• TASK REQUIREMENTS: Look through the records below and copy each line that includes the word "lastL".

[Stored data]
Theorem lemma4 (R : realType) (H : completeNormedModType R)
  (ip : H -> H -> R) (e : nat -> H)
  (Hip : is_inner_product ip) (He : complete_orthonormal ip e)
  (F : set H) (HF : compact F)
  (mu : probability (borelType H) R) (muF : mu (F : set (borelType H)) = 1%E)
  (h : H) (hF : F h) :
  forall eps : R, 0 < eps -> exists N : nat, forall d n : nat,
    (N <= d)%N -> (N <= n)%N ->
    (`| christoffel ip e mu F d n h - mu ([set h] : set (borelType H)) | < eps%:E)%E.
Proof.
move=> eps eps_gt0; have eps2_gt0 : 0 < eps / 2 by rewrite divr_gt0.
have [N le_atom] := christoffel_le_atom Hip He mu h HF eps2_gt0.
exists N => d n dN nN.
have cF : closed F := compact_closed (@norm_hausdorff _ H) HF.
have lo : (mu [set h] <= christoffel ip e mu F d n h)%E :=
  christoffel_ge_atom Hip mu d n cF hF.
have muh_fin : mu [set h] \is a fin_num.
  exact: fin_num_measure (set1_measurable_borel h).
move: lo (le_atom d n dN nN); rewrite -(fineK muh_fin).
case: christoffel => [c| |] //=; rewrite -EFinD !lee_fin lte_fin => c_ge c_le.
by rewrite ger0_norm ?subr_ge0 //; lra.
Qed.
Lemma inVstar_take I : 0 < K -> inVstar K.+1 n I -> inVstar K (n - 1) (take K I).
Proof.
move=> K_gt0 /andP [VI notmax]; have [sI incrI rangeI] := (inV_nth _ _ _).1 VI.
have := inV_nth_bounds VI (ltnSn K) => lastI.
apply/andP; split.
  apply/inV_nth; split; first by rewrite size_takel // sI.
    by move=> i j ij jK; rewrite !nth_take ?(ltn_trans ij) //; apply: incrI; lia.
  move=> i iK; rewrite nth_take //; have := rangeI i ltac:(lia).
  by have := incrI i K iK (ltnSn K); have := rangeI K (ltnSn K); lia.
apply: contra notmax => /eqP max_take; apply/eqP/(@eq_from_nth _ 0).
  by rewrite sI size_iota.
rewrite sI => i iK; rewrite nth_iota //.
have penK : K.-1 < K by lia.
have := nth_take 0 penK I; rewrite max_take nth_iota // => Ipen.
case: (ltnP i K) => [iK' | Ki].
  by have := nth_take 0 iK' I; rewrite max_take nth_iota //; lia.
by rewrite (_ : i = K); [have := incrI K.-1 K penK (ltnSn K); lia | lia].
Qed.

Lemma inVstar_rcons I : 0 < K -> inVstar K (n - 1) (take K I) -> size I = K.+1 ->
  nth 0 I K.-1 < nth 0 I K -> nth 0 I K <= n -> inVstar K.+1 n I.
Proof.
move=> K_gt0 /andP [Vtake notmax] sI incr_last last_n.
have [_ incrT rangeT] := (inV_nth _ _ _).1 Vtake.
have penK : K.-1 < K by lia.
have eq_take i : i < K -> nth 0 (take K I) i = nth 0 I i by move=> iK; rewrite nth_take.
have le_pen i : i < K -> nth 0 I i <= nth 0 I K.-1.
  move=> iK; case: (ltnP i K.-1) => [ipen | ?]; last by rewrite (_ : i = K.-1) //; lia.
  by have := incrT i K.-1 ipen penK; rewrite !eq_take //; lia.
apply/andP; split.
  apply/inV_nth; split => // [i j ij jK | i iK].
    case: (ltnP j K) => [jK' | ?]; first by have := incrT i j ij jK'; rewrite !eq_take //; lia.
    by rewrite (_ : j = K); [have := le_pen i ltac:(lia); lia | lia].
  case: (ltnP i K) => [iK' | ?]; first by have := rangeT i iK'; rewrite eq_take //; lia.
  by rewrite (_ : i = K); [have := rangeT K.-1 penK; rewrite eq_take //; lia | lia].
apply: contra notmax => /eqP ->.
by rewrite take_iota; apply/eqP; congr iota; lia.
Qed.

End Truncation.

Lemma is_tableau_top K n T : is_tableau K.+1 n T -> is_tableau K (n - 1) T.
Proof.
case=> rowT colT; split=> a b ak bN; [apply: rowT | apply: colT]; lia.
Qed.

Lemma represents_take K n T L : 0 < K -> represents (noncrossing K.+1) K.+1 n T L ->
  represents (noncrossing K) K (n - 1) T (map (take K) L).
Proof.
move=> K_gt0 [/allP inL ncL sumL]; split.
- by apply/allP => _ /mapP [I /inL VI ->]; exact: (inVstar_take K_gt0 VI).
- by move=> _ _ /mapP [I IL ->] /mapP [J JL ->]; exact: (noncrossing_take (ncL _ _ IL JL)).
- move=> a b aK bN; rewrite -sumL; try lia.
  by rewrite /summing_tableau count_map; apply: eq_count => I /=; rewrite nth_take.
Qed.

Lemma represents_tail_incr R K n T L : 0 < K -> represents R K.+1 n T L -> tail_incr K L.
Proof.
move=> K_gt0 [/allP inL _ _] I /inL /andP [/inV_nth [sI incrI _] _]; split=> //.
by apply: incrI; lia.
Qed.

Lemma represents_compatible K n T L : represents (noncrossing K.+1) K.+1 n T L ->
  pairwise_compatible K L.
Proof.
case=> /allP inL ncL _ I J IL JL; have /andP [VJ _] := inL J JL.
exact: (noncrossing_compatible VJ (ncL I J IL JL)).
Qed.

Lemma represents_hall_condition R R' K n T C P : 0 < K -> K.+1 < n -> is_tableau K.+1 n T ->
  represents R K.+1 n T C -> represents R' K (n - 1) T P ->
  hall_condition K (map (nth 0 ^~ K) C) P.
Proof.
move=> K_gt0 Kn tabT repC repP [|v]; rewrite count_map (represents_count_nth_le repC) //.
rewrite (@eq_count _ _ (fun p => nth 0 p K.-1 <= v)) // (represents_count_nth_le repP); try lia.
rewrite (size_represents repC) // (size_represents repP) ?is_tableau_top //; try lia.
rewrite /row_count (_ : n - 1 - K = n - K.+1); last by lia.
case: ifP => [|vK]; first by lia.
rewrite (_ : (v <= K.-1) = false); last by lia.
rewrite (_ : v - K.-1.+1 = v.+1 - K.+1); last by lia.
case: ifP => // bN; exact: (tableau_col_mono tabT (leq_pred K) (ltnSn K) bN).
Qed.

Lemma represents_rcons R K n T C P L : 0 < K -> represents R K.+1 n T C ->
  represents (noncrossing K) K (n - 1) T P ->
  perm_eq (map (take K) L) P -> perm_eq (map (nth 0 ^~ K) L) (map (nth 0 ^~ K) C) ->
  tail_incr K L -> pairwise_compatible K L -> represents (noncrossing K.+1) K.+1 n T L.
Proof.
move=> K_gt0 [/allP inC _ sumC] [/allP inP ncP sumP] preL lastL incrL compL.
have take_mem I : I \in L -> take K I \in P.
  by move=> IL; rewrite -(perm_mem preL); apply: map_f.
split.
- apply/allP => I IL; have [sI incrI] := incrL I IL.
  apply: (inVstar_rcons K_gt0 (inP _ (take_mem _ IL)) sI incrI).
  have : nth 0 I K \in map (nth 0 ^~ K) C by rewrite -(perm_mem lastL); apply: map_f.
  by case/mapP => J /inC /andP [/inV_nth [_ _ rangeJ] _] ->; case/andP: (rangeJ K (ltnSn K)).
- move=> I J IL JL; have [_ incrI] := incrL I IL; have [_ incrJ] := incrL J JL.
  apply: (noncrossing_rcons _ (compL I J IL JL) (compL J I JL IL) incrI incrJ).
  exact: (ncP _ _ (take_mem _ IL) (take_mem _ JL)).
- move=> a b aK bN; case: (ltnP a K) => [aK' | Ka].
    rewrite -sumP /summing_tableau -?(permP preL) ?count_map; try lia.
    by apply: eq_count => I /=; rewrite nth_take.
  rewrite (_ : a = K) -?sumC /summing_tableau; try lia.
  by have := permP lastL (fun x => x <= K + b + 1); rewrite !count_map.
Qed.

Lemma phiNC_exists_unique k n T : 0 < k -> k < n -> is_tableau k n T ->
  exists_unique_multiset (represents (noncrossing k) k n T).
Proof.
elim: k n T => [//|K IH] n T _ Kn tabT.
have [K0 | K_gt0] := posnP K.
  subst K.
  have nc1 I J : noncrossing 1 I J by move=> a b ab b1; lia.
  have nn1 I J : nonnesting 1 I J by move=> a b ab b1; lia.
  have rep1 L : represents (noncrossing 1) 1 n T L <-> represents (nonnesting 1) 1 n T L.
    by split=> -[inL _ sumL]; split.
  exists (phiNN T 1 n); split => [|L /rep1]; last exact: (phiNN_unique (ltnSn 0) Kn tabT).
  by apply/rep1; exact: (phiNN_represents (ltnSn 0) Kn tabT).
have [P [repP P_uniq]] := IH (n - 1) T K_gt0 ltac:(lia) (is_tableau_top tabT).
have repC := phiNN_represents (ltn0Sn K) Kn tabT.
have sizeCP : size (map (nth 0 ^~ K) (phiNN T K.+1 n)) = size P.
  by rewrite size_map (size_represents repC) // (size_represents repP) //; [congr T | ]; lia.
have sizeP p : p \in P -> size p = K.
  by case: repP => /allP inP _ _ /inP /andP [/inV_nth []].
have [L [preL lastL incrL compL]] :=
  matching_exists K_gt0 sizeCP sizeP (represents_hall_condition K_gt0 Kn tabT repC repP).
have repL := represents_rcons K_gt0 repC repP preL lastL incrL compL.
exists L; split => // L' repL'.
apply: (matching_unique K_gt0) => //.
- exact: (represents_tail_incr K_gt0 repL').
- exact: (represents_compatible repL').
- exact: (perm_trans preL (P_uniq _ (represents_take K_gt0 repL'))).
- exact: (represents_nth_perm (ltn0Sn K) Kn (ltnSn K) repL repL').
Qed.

• EXPECTED OUTPUT:
move=> K_gt0 [/allP inC _ sumC] [/allP inP ncP sumP] preL lastL incrL compL.
  have : nth 0 I K \in map (nth 0 ^~ K) C by rewrite -(perm_mem lastL); apply: map_f.
  by have := permP lastL (fun x => x <= K + b + 1); rewrite !count_map.
have [L [preL lastL incrL compL]] :=
have repL := represents_rcons K_gt0 repC repP preL lastL incrL compL.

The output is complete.